**Task instructions**
Within the entries below, the lines from the one with "Definition npos (r" through the one with "End Construction." are to be set down exactly, both ends kept.

---- Supplied material

(* Let $I$ be a 3-SAT instance and $E(I)$ the chore division instance constructed from it (see context), and let $(p,X)$ be a competitive equilibrium of $E(I)$. Let $C_r$ be a clause containing a literal on the variable $x_i$. Then: (1) if the literal is $x_i$ and $X_{a^i_1,b^i_2}>0$, then $p(m^r_i)\ge \tfrac{3\varepsilon}{2}$; (2) if the literal is $\neg x_i$ and $X_{a^i_1,b^i_2}=0$, then $p(m^r_i)\ge 2\varepsilon$.
   Context: Chore division with fixed earnings: agents $A$, chores $B$ each with supply one, disutility $d:A\times B\to(0,\infty)$, earnings $e:A\to\mathbb{R}_{\ge0}$, threshold $\tau$. A competitive equilibrium is $(p,X)$, $p\in\mathbb{R}^{B}_{\ge0}$, $X\in\mathbb{R}^{A\times B}_{\ge0}$, with (1) $X_{ab}>0$ only if $d(a,b)<\tau$ and $d(a,b)/p(b)\le d(a,b')/p(b')$ for all chores $b'$ (ratio with zero price is $+\infty$); (2) $\sum_b X_{ab}p(b)=e(a)$ for all $a$; (3) $\sum_a X_{ab}=1$ for all $b$. Construction $E(I)$: Let $I$ be a 3-SAT instance with variables $x_1,\dots,x_n$ and clauses $C_1,\dots,C_m$, each a disjunction of exactly three literals on three distinct variables. Fix constants $\tau>3$, $0<\varepsilon<1$ and $0<\varepsilon'<\varepsilon/2$. For each variable $x_i$ there are agents $a^i_1,a^i_2$ with $e(a^i_1)=e(a^i_2)=1$ and chores $b^i_1,b^i_2$, with $d(a^i_1,b^i_1)=1$, $d(a^i_1,b^i_2)=3$, $d(a^i_2,b^i_2)=1$. For each clause $C_r$ whose literals involve variables $x_i,x_j,x_k$ there are agents $n^r_i,n^r_j,n^r_k,\mathbf{n}^r$ and chores $m^r_i,m^r_j,m^r_k$; for each $\theta\in\{i,j,k\}$: if the literal is $x_\theta$, then $d(n^r_\theta,b^\theta_2)=d(\mathbf{n}^r,b^\theta_2)=1$ and $d(n^r_\theta,m^r_\theta)=d(\mathbf{n}^r,m^r_\theta)=\varepsilon$; if the literal is $\neg x_\theta$, then $d(n^r_\theta,b^\theta_1)=d(\mathbf{n}^r,b^\theta_1)=2/3$ and $d(n^r_\theta,m^r_\theta)=d(\mathbf{n}^r,m^r_\theta)=4\varepsilon/3$. All other disutilities equal $\tau$. Earnings: $e(n^r_\theta)=\varepsilon$ and $e(\mathbf{n}^r)=\#(C_r)\cdot\tfrac{\varepsilon}{2}+\overline{\#}(C_r)\cdot\varepsilon-\varepsilon'$, where $\#(C_r)$ and $\overline{\#}(C_r)$ are the numbers of unnegated and negated literals of $C_r$. *)

From HB Require Import structures.
From mathcomp Require Import all_boot all_order all_algebra.
Set Implicit Arguments. Unset Strict Implicit. Unset Printing Implicit Defensive.
Import Order.TTheory GRing.Theory Num.Theory.
Local Open Scope ring_scope.

Section Market.
Variables (R : realFieldType) (A B : finType).

(* Comparison of disutility-per-price ratios, with the convention that a ratio
   with zero price is +oo:   d(a,b)/p(b) <= d(a,b')/p(b').  *)
Definition ratio_le (d : A -> B -> R) (p : B -> R) (a : A) (b b' : B) : bool :=
  (p b' == 0) || ((p b != 0) && (d a b / p b <= d a b' / p b')).

Definition competitive_equilibrium (d : A -> B -> R) (e : A -> R) (tau : R)
    (p : B -> R) (X : A -> B -> R) : Prop :=
  (forall b, 0 <= p b) /\ (forall a b, 0 <= X a b) /\
  (forall a b, 0 < X a b -> d a b < tau /\ forall b', ratio_le d p a b b') /\
  (forall a, \sum_(b : B) X a b * p b = e a) /\
  (forall b, \sum_(a : A) X a b = 1).
End Market.

(* A 3-SAT instance with n variables and m clauses: clause r has three literals
   indexed by t : 'I_3; literal t of clause r is on variable [var r t] and is
   unnegated iff [pos r t].  Variables in a clause are distinct (var r injective). *)

(* agents: a^i_1 | a^i_2 | n^r_theta (indexed by clause r and literal position t) | bold n^r *)
Definition agentE (n m : nat) : finType := (('I_n + 'I_n) + (('I_m * 'I_3) + 'I_m))%type.
(* chores: b^i_1 | b^i_2 | m^r_theta *)
Definition choreE (n m : nat) : finType := (('I_n + 'I_n) + ('I_m * 'I_3))%type.

Definition ag1 {n m} (i : 'I_n) : agentE n m := inl (inl i).
Definition ag2 {n m} (i : 'I_n) : agentE n m := inl (inr i).
Definition agN {n m} (r : 'I_m) (t : 'I_3) : agentE n m := inr (inl (r, t)).
Definition agNB {n m} (r : 'I_m) : agentE n m := inr (inr r).
Definition ch1 {n m} (i : 'I_n) : choreE n m := inl (inl i).
Definition ch2 {n m} (i : 'I_n) : choreE n m := inl (inr i).
Definition chM {n m} (r : 'I_m) (t : 'I_3) : choreE n m := inr (r, t).

Section Construction.
Variables (R : realFieldType) (n m : nat)
  (var : 'I_m -> 'I_3 -> 'I_n) (pos : 'I_m -> 'I_3 -> bool)
  (tau eps eps' : R).

(* disutility of the clause agents (both n^r_t and bold n^r) for chore m^r_t *)
Definition dM (r : 'I_m) (t : 'I_3) : R := if pos r t then eps else 4 * eps / 3.

Definition dE (a : agentE n m) (b : choreE n m) : R :=
  match a, b with
  | inl (inl i), inl (inl j) => if i == j then 1 else tau        (* a^i_1, b^j_1 *)
  | inl (inl i), inl (inr j) => if i == j then 3 else tau        (* a^i_1, b^j_2 *)
  | inl (inr i), inl (inr j) => if i == j then 1 else tau        (* a^i_2, b^j_2 *)
  | inr (inl (r, t)), inl (inl j) =>                              (* n^r_t, b^j_1 *)
      if (var r t == j) && ~~ pos r t then 2 / 3 else tau
  | inr (inl (r, t)), inl (inr j) =>                              (* n^r_t, b^j_2 *)
      if (var r t == j) && pos r t then 1 else tau
  | inr (inl (r, t)), inr (r', t') =>                             (* n^r_t, m^r'_t' *)
      if (r == r') && (t == t') then dM r t else tau
  | inr (inr r), inl (inl j) =>                                   (* bold n^r, b^j_1 *)
      if [exists t, (var r t == j) && ~~ pos r t] then 2 / 3 else tau
  | inr (inr r), inl (inr j) =>                                   (* bold n^r, b^j_2 *)
      if [exists t, (var r t == j) && pos r t] then 1 else tau
  | inr (inr r), inr (r', t') =>                                  (* bold n^r, m^r'_t' *)
      if r == r' then dM r t' else tau
  | _, _ => tau
  end.

Definition npos (r : 'I_m) : nat := #|[set t : 'I_3 | pos r t]|.
Definition nneg (r : 'I_m) : nat := #|[set t : 'I_3 | ~~ pos r t]|.

Definition eE (a : agentE n m) : R :=
  match a with
  | inl _ => 1
  | inr (inl _) => eps
  | inr (inr r) => (npos r)%:R * (eps / 2) + (nneg r)%:R * eps - eps'
  end.
End Construction.

From HB Require Import structures.
From mathcomp Require Import all_boot all_order all_algebra.
From mathcomp Require Import lra.
Set Implicit Arguments. Unset Strict Implicit. Unset Printing Implicit Defensive.
Import Order.TTheory GRing.Theory Num.Theory.
Local Open Scope ring_scope.

(* The proof has three layers.
   1. Facts about an arbitrary competitive equilibrium: allocations lie in
      [0,1], every chore is done by some agent, agents only do chores of
      disutility below tau, and an agent doing chore b weakly prefers b to any
      other priced chore b', i.e. d(a,b) p(b') <= d(a,b') p(b).
   2. The variable gadget of E(I): a^i_2 can only do b^i_2 and earns 1, so all
      prices are positive; a^i_1 can only do b^i_1 and b^i_2.  If a^i_1 works
      on b^i_2 then p(b^i_1) <= p(b^i_2)/3, and counting the total earnings 2
      of both agents against the unit supply of b^i_2 gives p(b^i_2) >= 3/2.
      If a^i_1 does not work on b^i_2, it earns 1 from b^i_1 alone, so
      p(b^i_1) >= 1.
   3. The clause gadget: chore m^r_t is done by n^r_t or bold n^r, whose
      disutilities make it comparable with b^i_2 (positive literal, ratio eps)
      or with b^i_1 (negative literal, ratio 2 eps); combined with step 2
      this yields the bounds 3 eps / 2 and 2 eps of the theorem. *)

Section Sums.
Variables (R : numDomainType) (T : finType) (F : T -> R).

Lemma sum_supported1 c : (forall b, b != c -> F b = 0) -> \sum_b F b = F c.
Proof. by move=> F0; rewrite (bigD1 c) //= big1 ?addr0 // => b /F0. Qed.

Lemma sum_supported2 c1 c2 : c1 != c2 ->
  (forall b, b != c1 -> b != c2 -> F b = 0) -> \sum_b F b = F c1 + F c2.
Proof.
move=> c12 F0; rewrite (bigD1 c1) //= (bigD1 c2) /=; last by rewrite eq_sym.
by rewrite big1 ?addr0 // => b /andP[/F0].
Qed.

Lemma le_sum_terms2 c1 c2 : c1 != c2 -> (forall b, 0 <= F b) ->
  F c1 + F c2 <= \sum_b F b.
Proof.
move=> c12 F_ge0; rewrite (bigD1 c1) //= (bigD1 c2) /=; last by rewrite eq_sym.
by rewrite addrA lerDl sumr_ge0.
Qed.

Lemma le_sum_term c : (forall b, 0 <= F b) -> F c <= \sum_b F b.
Proof. by move=> F_ge0; rewrite (bigD1 c) //= lerDl sumr_ge0. Qed.

Lemma sum_pos_term : (forall b, 0 <= F b) -> \sum_b F b != 0 ->
  exists b, 0 < F b.
Proof.
move=> F_ge0 sum_neq0; apply/existsP; apply: contraR sum_neq0.
rewrite negb_exists => /forallP F_le0; apply/eqP.
by rewrite big1 // => b _; apply/eqP; move: (F_le0 b); rewrite lt_def F_ge0 andbT negbK.
Qed.
End Sums.

Section Equilibrium.
Variables (R : realFieldType) (A B : finType) (d : A -> B -> R) (e : A -> R).
Variables (tau : R) (p : B -> R) (X : A -> B -> R).
Hypothesis ce : competitive_equilibrium d e tau p X.

Lemma ce_price_ge0 b : 0 <= p b.
Proof. by case: ce. Qed.

Lemma ce_alloc_ge0 a b : 0 <= X a b.
Proof. by case: ce => _ []. Qed.

Lemma ce_earnings a : \sum_b X a b * p b = e a.
Proof. by case: ce => _ [_ [_ []]]. Qed.

Lemma ce_supply b : \sum_a X a b = 1.
Proof. by case: ce => _ [_ [_ []]]. Qed.

Lemma ce_admissible a b : 0 < X a b -> d a b < tau.
Proof. by case: ce => _ [_ [ce_mbb _]] /ce_mbb[]. Qed.

Lemma ce_inadmissible a b : ~~ (d a b < tau) -> X a b = 0.
Proof.
move=> d_ge; apply/eqP; rewrite eq_le ce_alloc_ge0 andbT.
by rewrite leNgt; apply: contra d_ge; apply: ce_admissible.
Qed.

Lemma ce_alloc_le1 a b : X a b <= 1.
Proof. by rewrite -(ce_supply b); apply: le_sum_term => a'; apply: ce_alloc_ge0. Qed.

Lemma ce_assigned b : exists a, 0 < X a b.
Proof.
by apply: sum_pos_term => [a|]; rewrite ?ce_alloc_ge0 // ce_supply oner_neq0.
Qed.

(* Minimum pain per buck: an agent working on b compares b with every priced
   chore b'; in particular b itself must then be priced. *)
Lemma ce_mpb_price a b b' : 0 < X a b -> 0 < p b' -> 0 < p b.
Proof.
case: ce => _ [_ [ce_mbb _]] /ce_mbb[_ /(_ b')].
rewrite /ratio_le => + pb'; rewrite (gt_eqF pb') /= => /andP[pb0 _].
by rewrite lt_def pb0 ce_price_ge0.
Qed.

Lemma ce_mpb a b b' : 0 < X a b -> 0 < p b' -> d a b * p b' <= d a b' * p b.
Proof.
move=> Xab pb'; have pb := ce_mpb_price Xab pb'.
case: ce => _ [_ [ce_mbb _]]; have [_ /(_ b')] := ce_mbb a b Xab.
rewrite /ratio_le (gt_eqF pb') (gt_eqF pb) /=.
by rewrite ler_pdivrMr // mulrAC ler_pdivlMr.
Qed.

Lemma ce_prices_pos c : 0 < p c -> forall b, 0 < p b.
Proof. by move=> pc b; have [a Xab] := ce_assigned b; apply: ce_mpb_price Xab pc. Qed.
End Equilibrium.

Section Gadgets.
Variables (R : realFieldType) (n m : nat).
Variables (var : 'I_m -> 'I_3 -> 'I_n) (pos : 'I_m -> 'I_3 -> bool).
Variables (tau eps : R).

Local Notation d := (dE var pos tau eps).

Lemma ag1_admissible (i : 'I_n) b :
  b != ch1 i -> b != ch2 i -> ~~ (d (ag1 i) b < tau).
Proof.
case: b => [[j|j]|[r t]] b1 b2 /=; rewrite ?ltxx //.
all: by case: (i =P j) b1 b2 => [->|]; rewrite ?eqxx ?ltxx.
Qed.

Lemma ag2_admissible (i : 'I_n) b : b != ch2 i -> ~~ (d (ag2 i) b < tau).
Proof.
case: b => [[j|j]|[r t]] b2 /=; rewrite ?ltxx //.
by case: (i =P j) b2 => [->|]; rewrite ?eqxx ?ltxx.
Qed.

Lemma clause_agent_pos a r t : pos r t -> d a (chM r t) < tau ->
  d a (chM r t) = eps /\ d a (ch2 (var r t)) = 1.
Proof.
move=> pos_rt; case: a => [[j|j]|[[r' t']|r']] /=; rewrite ?ltxx //.
- case: andP => [[/eqP-> /eqP->]|]; rewrite ?ltxx //.
  by rewrite !eqxx pos_rt /dM pos_rt.
- case: eqP => [->|]; rewrite ?ltxx // (_ : [exists _, _] = true) /dM ?pos_rt //.
  by apply/existsP; exists t; rewrite eqxx pos_rt.
Qed.

Lemma clause_agent_neg a r t : ~~ pos r t -> d a (chM r t) < tau ->
  d a (chM r t) = 4 * eps / 3 /\ d a (ch1 (var r t)) = 2 / 3.
Proof.
move=> neg_rt; case: a => [[j|j]|[[r' t']|r']] /=; rewrite ?ltxx //.
- case: andP => [[/eqP-> /eqP->]|]; rewrite ?ltxx //.
  by rewrite !eqxx neg_rt /dM (negbTE neg_rt).
- case: eqP => [->|]; rewrite ?ltxx // (_ : [exists _, _] = true) /dM ?(negbTE neg_rt) //.
  by apply/existsP; exists t; rewrite eqxx neg_rt.
Qed.

Variables (eps' : R) (p : choreE n m -> R) (X : agentE n m -> choreE n m -> R).
Hypothesis ce : competitive_equilibrium d (eE pos eps eps') tau p X.

Lemma ag2_earning i : X (ag2 i) (ch2 i) * p (ch2 i) = 1.
Proof.
rewrite -[RHS](ce_earnings ce (ag2 i)); symmetry; apply: sum_supported1 => b b2.
by rewrite (ce_inadmissible ce (ag2_admissible b2)) mul0r.
Qed.

Lemma ag1_earning i :
  X (ag1 i) (ch1 i) * p (ch1 i) + X (ag1 i) (ch2 i) * p (ch2 i) = 1.
Proof.
rewrite -[RHS](ce_earnings ce (ag1 i)); symmetry; apply: sum_supported2 => // b b1 b2.
by rewrite (ce_inadmissible ce (ag1_admissible b1 b2)) mul0r.
Qed.

(* Agent a^i_2 earns its positive income from b^i_2 only, so every price of
   the equilibrium is positive. *)
Lemma gadget_prices_pos (i : 'I_n) b : 0 < p b.
Proof.
apply: (ce_prices_pos ce (c := ch2 i)); rewrite lt_def (ce_price_ge0 ce) andbT.
by apply: contra_neq (oner_neq0 R) => p0; rewrite -(ag2_earning i) p0 mulr0.
Qed.

Lemma price_ch2_lb i : 0 < X (ag1 i) (ch2 i) -> 3 / 2 <= p (ch2 i).
Proof.
move=> X12; have pos_p := gadget_prices_pos i.
have mpb := ce_mpb ce X12 (pos_p (ch1 i)); rewrite /= !eqxx mul1r in mpb.
have supply2 : X (ag1 i) (ch2 i) + X (ag2 i) (ch2 i) <= 1.
  rewrite -(ce_supply ce (ch2 i)).
  exact: (le_sum_terms2 (F := X^~ (ch2 i))) (fun a => ce_alloc_ge0 ce a _).
have pay1 : X (ag1 i) (ch1 i) * p (ch1 i) <= p (ch1 i).
  exact: ler_piMl (ltW (pos_p _)) (ce_alloc_le1 ce _ _).
have pay2 : (X (ag1 i) (ch2 i) + X (ag2 i) (ch2 i)) * p (ch2 i) <= p (ch2 i).
  exact: ler_piMl (ltW (pos_p _)) supply2.
have := ag1_earning i; have := ag2_earning i; lra.
Qed.

(* If a^i_1 does not work on b^i_2, it earns its income from b^i_1 alone. *)
Lemma price_ch1_lb i : X (ag1 i) (ch2 i) = 0 -> 1 <= p (ch1 i).
Proof.
move=> X12; have := ag1_earning i; rewrite X12 mul0r addr0 => <-.
exact: ler_piMl (ltW (gadget_prices_pos i _)) (ce_alloc_le1 ce _ _).
Qed.

(* Comparison of the clause chore with the variable chores, via the agent
   who does the clause chore. *)
Lemma clause_price_pos r t :
  pos r t -> eps * p (ch2 (var r t)) <= p (chM r t).
Proof.
move=> pos_rt; have [a Xa] := ce_assigned ce (chM r t).
have [d_m d_2] := clause_agent_pos pos_rt (ce_admissible ce Xa).
have := ce_mpb ce Xa (gadget_prices_pos (var r t) (ch2 (var r t))).
by rewrite d_m d_2 mul1r.
Qed.

Lemma clause_price_neg r t :
  ~~ pos r t -> 2 * eps * p (ch1 (var r t)) <= p (chM r t).
Proof.
move=> neg_rt; have [a Xa] := ce_assigned ce (chM r t).
have [d_m d_1] := clause_agent_neg neg_rt (ce_admissible ce Xa).
have := ce_mpb ce Xa (gadget_prices_pos (var r t) (ch1 (var r t))).
rewrite d_m d_1; lra.
Qed.
End Gadgets.

Theorem mainTheorem3 (R : realFieldType) (n m : nat)
    (var : 'I_m -> 'I_3 -> 'I_n) (pos : 'I_m -> 'I_3 -> bool)
    (Hvar : forall r, injective (var r))
    (tau eps eps' : R)
    (Htau : 3 < tau) (Heps0 : 0 < eps) (Heps1 : eps < 1)
    (Heps'0 : 0 < eps') (Heps'1 : eps' < eps / 2)
    (p : choreE n m -> R) (X : agentE n m -> choreE n m -> R)
    (HCE : competitive_equilibrium (dE var pos tau eps) (eE pos eps eps') tau p X)
    (r : 'I_m) (t : 'I_3) :
  let i := var r t in
  (pos r t -> 0 < X (ag1 i) (ch2 i) -> 3 * eps / 2 <= p (chM r t)) /\
  (~~ pos r t -> X (ag1 i) (ch2 i) = 0 -> 2 * eps <= p (chM r t)).
Proof.
move=> i; split.
- move=> pos_rt /(price_ch2_lb HCE) p2.
  have := clause_price_pos HCE pos_rt.
  have : eps * (3 / 2) <= eps * p (ch2 i) by rewrite ler_pM2l.
  rewrite -/i; lra.
- move=> neg_rt /(price_ch1_lb HCE) p1.
  have := clause_price_neg HCE neg_rt.
  have : 2 * eps * 1 <= 2 * eps * p (ch1 i) by rewrite ler_pM2l ?mulr_gt0.
  rewrite -/i; lra.
Qed.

--------

**Exercise response**
Definition npos (r : 'I_m) : nat := #|[set t : 'I_3 | pos r t]|.
Definition nneg (r : 'I_m) : nat := #|[set t : 'I_3 | ~~ pos r t]|.

Definition eE (a : agentE n m) : R :=
  match a with
  | inl _ => 1
  | inr (inl _) => eps
  | inr (inr r) => (npos r)%:R * (eps / 2) + (nneg r)%:R * eps - eps'
  end.
End Construction.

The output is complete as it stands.